**PROMPT:** Give back all the records exactly, keeping every line whole.

START EXTRACTED RECORDS

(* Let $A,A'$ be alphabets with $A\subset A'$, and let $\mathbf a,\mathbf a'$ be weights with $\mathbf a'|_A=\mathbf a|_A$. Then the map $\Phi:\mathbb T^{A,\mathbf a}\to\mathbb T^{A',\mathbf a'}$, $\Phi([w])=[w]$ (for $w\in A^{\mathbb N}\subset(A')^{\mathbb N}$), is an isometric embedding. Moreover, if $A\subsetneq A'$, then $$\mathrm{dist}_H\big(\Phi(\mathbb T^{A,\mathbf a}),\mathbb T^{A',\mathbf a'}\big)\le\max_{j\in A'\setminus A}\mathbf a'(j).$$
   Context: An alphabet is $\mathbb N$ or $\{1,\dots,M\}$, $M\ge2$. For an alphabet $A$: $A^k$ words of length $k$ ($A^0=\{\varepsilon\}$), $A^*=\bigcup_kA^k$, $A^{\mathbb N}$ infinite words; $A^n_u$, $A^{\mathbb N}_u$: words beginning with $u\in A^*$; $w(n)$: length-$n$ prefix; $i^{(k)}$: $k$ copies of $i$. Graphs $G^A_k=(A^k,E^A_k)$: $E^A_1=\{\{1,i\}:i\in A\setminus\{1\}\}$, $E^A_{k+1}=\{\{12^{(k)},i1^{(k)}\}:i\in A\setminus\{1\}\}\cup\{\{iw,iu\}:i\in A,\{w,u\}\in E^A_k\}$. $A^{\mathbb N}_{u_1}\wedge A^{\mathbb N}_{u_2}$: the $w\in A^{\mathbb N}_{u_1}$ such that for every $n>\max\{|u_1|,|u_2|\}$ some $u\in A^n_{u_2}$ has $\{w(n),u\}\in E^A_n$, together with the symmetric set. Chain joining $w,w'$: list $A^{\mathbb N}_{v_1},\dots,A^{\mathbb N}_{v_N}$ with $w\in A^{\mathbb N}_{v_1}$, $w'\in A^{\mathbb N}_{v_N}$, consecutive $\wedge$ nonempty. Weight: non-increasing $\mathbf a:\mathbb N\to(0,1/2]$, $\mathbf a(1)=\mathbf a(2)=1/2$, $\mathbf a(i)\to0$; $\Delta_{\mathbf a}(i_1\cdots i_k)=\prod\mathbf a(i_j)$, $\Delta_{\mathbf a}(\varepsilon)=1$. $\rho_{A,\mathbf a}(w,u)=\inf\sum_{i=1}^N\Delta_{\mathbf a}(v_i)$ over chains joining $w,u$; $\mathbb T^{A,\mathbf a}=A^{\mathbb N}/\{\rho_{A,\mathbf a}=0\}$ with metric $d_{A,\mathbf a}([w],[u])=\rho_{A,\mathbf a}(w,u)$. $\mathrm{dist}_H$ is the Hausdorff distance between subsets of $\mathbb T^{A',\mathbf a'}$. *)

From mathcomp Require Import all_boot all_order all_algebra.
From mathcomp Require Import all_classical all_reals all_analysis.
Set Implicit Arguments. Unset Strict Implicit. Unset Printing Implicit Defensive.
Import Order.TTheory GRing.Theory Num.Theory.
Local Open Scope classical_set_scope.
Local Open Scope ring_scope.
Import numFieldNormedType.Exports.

END EXTRACTED RECORDS

**EXERCISE SOLUTION:**
(* Let $A,A'$ be alphabets with $A\subset A'$, and let $\mathbf a,\mathbf a'$ be weights with $\mathbf a'|_A=\mathbf a|_A$. Then the map $\Phi:\mathbb T^{A,\mathbf a}\to\mathbb T^{A',\mathbf a'}$, $\Phi([w])=[w]$ (for $w\in A^{\mathbb N}\subset(A')^{\mathbb N}$), is an isometric embedding. Moreover, if $A\subsetneq A'$, then $$\mathrm{dist}_H\big(\Phi(\mathbb T^{A,\mathbf a}),\mathbb T^{A',\mathbf a'}\big)\le\max_{j\in A'\setminus A}\mathbf a'(j).$$
   Context: An alphabet is $\mathbb N$ or $\{1,\dots,M\}$, $M\ge2$. For an alphabet $A$: $A^k$ words of length $k$ ($A^0=\{\varepsilon\}$), $A^*=\bigcup_kA^k$, $A^{\mathbb N}$ infinite words; $A^n_u$, $A^{\mathbb N}_u$: words beginning with $u\in A^*$; $w(n)$: length-$n$ prefix; $i^{(k)}$: $k$ copies of $i$. Graphs $G^A_k=(A^k,E^A_k)$: $E^A_1=\{\{1,i\}:i\in A\setminus\{1\}\}$, $E^A_{k+1}=\{\{12^{(k)},i1^{(k)}\}:i\in A\setminus\{1\}\}\cup\{\{iw,iu\}:i\in A,\{w,u\}\in E^A_k\}$. $A^{\mathbb N}_{u_1}\wedge A^{\mathbb N}_{u_2}$: the $w\in A^{\mathbb N}_{u_1}$ such that for every $n>\max\{|u_1|,|u_2|\}$ some $u\in A^n_{u_2}$ has $\{w(n),u\}\in E^A_n$, together with the symmetric set. Chain joining $w,w'$: list $A^{\mathbb N}_{v_1},\dots,A^{\mathbb N}_{v_N}$ with $w\in A^{\mathbb N}_{v_1}$, $w'\in A^{\mathbb N}_{v_N}$, consecutive $\wedge$ nonempty. Weight: non-increasing $\mathbf a:\mathbb N\to(0,1/2]$, $\mathbf a(1)=\mathbf a(2)=1/2$, $\mathbf a(i)\to0$; $\Delta_{\mathbf a}(i_1\cdots i_k)=\prod\mathbf a(i_j)$, $\Delta_{\mathbf a}(\varepsilon)=1$. $\rho_{A,\mathbf a}(w,u)=\inf\sum_{i=1}^N\Delta_{\mathbf a}(v_i)$ over chains joining $w,u$; $\mathbb T^{A,\mathbf a}=A^{\mathbb N}/\{\rho_{A,\mathbf a}=0\}$ with metric $d_{A,\mathbf a}([w],[u])=\rho_{A,\mathbf a}(w,u)$. $\mathrm{dist}_H$ is the Hausdorff distance between subsets of $\mathbb T^{A',\mathbf a'}$. *)

From mathcomp Require Import all_boot all_order all_algebra.
From mathcomp Require Import all_classical all_reals all_analysis.
Set Implicit Arguments. Unset Strict Implicit. Unset Printing Implicit Defensive.
Import Order.TTheory GRing.Theory Num.Theory.
Local Open Scope classical_set_scope.
Local Open Scope ring_scope.
Import numFieldNormedType.Exports.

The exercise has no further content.